§ **TASK**:
Scan the data below. Pull out each line where "exprMn" occurs.

§ **SOURCE INFORMATION**:
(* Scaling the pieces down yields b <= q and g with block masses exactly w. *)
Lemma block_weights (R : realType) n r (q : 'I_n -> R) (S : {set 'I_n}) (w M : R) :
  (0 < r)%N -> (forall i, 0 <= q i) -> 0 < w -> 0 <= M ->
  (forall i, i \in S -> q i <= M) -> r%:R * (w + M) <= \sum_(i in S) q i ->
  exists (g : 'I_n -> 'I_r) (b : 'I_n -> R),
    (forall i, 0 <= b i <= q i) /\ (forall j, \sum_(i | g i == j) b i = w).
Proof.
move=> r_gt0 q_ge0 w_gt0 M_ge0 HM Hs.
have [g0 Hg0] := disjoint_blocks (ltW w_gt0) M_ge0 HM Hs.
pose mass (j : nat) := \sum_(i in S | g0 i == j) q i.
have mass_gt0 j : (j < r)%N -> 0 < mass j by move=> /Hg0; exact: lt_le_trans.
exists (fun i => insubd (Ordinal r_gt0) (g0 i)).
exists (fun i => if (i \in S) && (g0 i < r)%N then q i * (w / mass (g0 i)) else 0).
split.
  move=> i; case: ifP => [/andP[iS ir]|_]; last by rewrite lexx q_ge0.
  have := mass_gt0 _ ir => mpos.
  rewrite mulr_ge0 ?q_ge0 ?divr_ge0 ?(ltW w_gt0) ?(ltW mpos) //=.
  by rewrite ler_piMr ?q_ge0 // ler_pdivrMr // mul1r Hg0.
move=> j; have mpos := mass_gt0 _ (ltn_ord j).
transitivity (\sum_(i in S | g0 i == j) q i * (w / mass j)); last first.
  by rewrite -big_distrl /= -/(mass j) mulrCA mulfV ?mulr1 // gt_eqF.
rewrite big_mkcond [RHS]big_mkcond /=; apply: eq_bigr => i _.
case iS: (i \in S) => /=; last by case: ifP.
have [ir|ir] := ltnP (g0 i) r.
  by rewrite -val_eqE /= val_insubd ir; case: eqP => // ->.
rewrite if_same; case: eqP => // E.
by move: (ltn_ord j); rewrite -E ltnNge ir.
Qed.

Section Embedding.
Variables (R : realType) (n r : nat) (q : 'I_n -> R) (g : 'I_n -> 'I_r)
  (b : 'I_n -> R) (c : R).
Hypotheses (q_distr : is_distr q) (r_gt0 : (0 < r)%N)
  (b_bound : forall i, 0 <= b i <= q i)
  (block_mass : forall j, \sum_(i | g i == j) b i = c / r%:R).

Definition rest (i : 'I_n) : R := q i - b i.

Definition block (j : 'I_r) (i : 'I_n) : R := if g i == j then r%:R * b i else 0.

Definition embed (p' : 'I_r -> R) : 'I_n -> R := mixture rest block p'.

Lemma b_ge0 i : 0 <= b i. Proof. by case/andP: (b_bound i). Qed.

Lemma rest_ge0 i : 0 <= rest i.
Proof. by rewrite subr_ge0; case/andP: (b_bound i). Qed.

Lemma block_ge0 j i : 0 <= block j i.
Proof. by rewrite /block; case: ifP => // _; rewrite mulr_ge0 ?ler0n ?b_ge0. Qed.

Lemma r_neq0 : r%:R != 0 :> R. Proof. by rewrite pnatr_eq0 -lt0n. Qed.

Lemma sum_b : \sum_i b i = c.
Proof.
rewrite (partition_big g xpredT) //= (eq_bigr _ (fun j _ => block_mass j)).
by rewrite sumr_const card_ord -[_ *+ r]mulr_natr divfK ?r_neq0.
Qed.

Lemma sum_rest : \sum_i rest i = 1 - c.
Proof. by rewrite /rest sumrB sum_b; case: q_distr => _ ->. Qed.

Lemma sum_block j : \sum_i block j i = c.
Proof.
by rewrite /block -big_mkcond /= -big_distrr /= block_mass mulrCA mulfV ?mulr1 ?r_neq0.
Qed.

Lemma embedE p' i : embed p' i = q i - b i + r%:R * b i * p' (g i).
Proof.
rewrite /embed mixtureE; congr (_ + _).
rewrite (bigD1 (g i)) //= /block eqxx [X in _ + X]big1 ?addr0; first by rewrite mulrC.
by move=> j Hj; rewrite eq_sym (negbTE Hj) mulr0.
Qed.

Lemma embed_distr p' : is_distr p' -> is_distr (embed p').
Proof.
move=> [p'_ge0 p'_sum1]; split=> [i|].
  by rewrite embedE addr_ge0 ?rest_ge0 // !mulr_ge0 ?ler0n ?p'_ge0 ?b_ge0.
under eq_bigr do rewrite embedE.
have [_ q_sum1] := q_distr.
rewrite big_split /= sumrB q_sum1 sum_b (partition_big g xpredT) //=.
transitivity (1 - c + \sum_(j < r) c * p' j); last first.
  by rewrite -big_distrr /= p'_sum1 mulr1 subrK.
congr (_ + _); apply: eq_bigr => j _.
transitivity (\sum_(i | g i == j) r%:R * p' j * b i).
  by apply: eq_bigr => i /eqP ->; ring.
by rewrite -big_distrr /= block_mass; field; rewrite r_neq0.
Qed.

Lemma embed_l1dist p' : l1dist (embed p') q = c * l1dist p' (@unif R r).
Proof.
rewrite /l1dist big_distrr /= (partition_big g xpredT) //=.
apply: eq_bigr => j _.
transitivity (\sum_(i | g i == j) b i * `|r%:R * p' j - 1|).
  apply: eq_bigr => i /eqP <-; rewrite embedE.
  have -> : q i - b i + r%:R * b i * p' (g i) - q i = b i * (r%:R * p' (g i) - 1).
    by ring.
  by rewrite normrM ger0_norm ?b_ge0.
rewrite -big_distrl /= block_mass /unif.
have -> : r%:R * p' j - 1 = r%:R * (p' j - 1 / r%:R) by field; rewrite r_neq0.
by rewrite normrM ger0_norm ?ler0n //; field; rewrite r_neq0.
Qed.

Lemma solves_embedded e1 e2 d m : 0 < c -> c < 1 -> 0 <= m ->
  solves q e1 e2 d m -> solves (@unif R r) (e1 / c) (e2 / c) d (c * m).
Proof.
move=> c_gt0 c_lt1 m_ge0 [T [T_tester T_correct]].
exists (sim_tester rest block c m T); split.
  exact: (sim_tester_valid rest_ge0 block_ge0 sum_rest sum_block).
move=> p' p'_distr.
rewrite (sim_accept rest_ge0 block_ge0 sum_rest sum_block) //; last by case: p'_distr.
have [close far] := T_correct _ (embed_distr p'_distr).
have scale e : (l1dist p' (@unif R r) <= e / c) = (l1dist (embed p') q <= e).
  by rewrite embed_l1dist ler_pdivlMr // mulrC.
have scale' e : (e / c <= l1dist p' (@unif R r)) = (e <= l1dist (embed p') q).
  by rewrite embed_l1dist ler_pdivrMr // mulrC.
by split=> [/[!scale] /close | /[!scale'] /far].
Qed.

--

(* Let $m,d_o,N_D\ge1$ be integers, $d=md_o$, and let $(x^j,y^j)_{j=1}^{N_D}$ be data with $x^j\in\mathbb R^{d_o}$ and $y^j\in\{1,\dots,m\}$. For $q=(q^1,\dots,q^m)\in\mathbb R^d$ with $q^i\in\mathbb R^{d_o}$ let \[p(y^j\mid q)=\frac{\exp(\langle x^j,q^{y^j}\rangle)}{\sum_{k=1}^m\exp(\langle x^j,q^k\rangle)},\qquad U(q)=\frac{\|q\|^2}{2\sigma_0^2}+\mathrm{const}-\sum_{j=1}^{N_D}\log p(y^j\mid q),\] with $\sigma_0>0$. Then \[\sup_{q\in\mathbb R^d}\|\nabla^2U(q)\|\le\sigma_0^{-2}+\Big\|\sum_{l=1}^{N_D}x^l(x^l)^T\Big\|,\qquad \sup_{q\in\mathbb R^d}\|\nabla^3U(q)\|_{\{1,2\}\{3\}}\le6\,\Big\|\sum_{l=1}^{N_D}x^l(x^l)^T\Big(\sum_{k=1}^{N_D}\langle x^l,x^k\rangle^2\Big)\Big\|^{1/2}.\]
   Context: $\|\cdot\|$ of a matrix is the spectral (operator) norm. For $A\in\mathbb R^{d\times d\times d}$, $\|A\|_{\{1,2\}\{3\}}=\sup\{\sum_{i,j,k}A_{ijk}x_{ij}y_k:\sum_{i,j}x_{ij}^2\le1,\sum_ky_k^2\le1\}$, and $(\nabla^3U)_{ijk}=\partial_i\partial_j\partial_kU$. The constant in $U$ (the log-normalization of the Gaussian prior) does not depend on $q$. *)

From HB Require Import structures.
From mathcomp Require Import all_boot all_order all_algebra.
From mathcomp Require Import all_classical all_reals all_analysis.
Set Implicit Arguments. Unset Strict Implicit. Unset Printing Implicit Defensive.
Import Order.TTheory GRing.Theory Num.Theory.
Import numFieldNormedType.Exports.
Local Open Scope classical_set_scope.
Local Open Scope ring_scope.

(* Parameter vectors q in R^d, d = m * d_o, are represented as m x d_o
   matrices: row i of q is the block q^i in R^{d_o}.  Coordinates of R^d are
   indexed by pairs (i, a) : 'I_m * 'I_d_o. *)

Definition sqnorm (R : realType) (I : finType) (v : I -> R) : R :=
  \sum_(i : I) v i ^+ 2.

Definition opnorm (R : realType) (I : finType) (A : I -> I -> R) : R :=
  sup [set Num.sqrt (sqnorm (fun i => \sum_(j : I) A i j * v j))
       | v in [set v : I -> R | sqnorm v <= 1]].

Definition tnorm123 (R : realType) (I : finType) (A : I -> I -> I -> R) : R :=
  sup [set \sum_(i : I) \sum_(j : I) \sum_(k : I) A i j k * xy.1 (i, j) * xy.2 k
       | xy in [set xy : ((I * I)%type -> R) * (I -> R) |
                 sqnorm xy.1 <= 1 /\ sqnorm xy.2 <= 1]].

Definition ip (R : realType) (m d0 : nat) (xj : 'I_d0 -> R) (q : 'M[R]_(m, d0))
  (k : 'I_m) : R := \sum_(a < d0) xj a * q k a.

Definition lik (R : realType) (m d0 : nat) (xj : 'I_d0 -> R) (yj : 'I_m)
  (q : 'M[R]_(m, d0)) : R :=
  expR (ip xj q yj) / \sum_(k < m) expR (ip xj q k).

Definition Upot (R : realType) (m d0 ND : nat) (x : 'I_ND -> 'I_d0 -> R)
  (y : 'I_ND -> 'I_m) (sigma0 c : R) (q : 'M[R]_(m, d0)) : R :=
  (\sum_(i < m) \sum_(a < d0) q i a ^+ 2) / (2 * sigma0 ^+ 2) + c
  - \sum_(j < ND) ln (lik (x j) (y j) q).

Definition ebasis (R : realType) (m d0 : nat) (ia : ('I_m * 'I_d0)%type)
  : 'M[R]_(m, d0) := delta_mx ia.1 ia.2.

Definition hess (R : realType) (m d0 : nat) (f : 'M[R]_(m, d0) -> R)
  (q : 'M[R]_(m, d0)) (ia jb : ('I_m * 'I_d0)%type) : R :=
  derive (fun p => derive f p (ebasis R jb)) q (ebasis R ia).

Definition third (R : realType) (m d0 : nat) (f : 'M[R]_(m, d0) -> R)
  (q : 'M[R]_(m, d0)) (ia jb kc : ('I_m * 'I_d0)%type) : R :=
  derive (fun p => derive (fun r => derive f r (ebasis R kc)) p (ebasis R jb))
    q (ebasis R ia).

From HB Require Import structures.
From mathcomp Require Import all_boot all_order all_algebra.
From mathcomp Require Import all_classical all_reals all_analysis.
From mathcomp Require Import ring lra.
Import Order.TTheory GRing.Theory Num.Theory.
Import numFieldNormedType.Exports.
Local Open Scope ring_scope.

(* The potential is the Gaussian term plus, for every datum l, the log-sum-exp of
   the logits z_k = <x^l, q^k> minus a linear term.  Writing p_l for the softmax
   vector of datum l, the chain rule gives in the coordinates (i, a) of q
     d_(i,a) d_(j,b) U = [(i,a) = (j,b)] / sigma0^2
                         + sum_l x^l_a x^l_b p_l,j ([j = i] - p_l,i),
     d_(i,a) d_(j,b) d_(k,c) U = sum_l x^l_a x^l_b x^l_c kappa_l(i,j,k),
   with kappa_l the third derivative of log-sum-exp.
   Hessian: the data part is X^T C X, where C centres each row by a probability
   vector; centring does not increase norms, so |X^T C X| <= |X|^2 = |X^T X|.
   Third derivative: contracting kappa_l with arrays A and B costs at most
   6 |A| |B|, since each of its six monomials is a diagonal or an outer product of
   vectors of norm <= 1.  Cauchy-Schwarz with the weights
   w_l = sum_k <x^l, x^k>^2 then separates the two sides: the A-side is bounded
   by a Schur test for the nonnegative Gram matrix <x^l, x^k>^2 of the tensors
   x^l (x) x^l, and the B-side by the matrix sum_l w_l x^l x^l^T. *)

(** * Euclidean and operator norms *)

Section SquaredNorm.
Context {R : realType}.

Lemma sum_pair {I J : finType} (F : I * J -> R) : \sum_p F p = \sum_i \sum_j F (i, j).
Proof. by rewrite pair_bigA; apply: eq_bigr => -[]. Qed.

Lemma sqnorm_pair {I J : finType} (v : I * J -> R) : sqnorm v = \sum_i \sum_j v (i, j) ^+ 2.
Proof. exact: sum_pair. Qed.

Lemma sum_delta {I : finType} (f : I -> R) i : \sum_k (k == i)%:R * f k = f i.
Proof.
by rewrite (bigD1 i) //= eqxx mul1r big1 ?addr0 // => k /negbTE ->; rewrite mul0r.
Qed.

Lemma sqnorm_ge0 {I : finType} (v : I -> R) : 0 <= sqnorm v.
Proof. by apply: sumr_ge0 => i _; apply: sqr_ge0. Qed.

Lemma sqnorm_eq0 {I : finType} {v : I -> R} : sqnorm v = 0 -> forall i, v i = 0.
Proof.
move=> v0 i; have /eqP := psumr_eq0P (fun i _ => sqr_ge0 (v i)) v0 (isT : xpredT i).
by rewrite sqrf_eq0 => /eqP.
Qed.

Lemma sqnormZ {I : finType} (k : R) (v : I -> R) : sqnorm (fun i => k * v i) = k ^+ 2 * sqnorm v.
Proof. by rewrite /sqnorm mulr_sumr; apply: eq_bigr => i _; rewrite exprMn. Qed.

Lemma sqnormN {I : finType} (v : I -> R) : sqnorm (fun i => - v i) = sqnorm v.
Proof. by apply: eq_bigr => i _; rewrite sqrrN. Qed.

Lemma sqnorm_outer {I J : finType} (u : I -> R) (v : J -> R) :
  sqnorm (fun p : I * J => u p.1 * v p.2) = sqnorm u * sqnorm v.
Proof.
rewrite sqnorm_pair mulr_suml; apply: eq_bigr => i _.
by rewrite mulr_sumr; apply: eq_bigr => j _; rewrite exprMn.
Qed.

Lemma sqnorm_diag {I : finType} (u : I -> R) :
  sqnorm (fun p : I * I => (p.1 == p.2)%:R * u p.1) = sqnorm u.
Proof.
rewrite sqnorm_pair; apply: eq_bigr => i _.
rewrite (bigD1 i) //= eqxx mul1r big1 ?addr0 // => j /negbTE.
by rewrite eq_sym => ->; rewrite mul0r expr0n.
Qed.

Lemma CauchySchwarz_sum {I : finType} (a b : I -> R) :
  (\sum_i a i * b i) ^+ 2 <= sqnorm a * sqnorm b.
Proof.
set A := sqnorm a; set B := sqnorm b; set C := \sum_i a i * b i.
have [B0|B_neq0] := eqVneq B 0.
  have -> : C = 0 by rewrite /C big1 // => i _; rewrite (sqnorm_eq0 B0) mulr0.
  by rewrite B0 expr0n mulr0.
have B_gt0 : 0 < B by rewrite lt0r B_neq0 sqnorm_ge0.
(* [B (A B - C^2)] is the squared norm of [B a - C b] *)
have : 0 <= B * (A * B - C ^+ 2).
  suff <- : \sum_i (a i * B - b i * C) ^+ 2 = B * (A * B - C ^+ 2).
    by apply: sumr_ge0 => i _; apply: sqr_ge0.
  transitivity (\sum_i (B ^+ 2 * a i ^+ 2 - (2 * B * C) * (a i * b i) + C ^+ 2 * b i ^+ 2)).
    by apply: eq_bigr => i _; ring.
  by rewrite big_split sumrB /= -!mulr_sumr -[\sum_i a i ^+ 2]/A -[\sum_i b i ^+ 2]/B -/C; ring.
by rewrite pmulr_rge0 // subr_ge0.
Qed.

§ **ANSWER SPACE**:
Proof. by rewrite /sqnorm mulr_sumr; apply: eq_bigr => i _; rewrite exprMn. Qed.
by rewrite mulr_sumr; apply: eq_bigr => j _; rewrite exprMn.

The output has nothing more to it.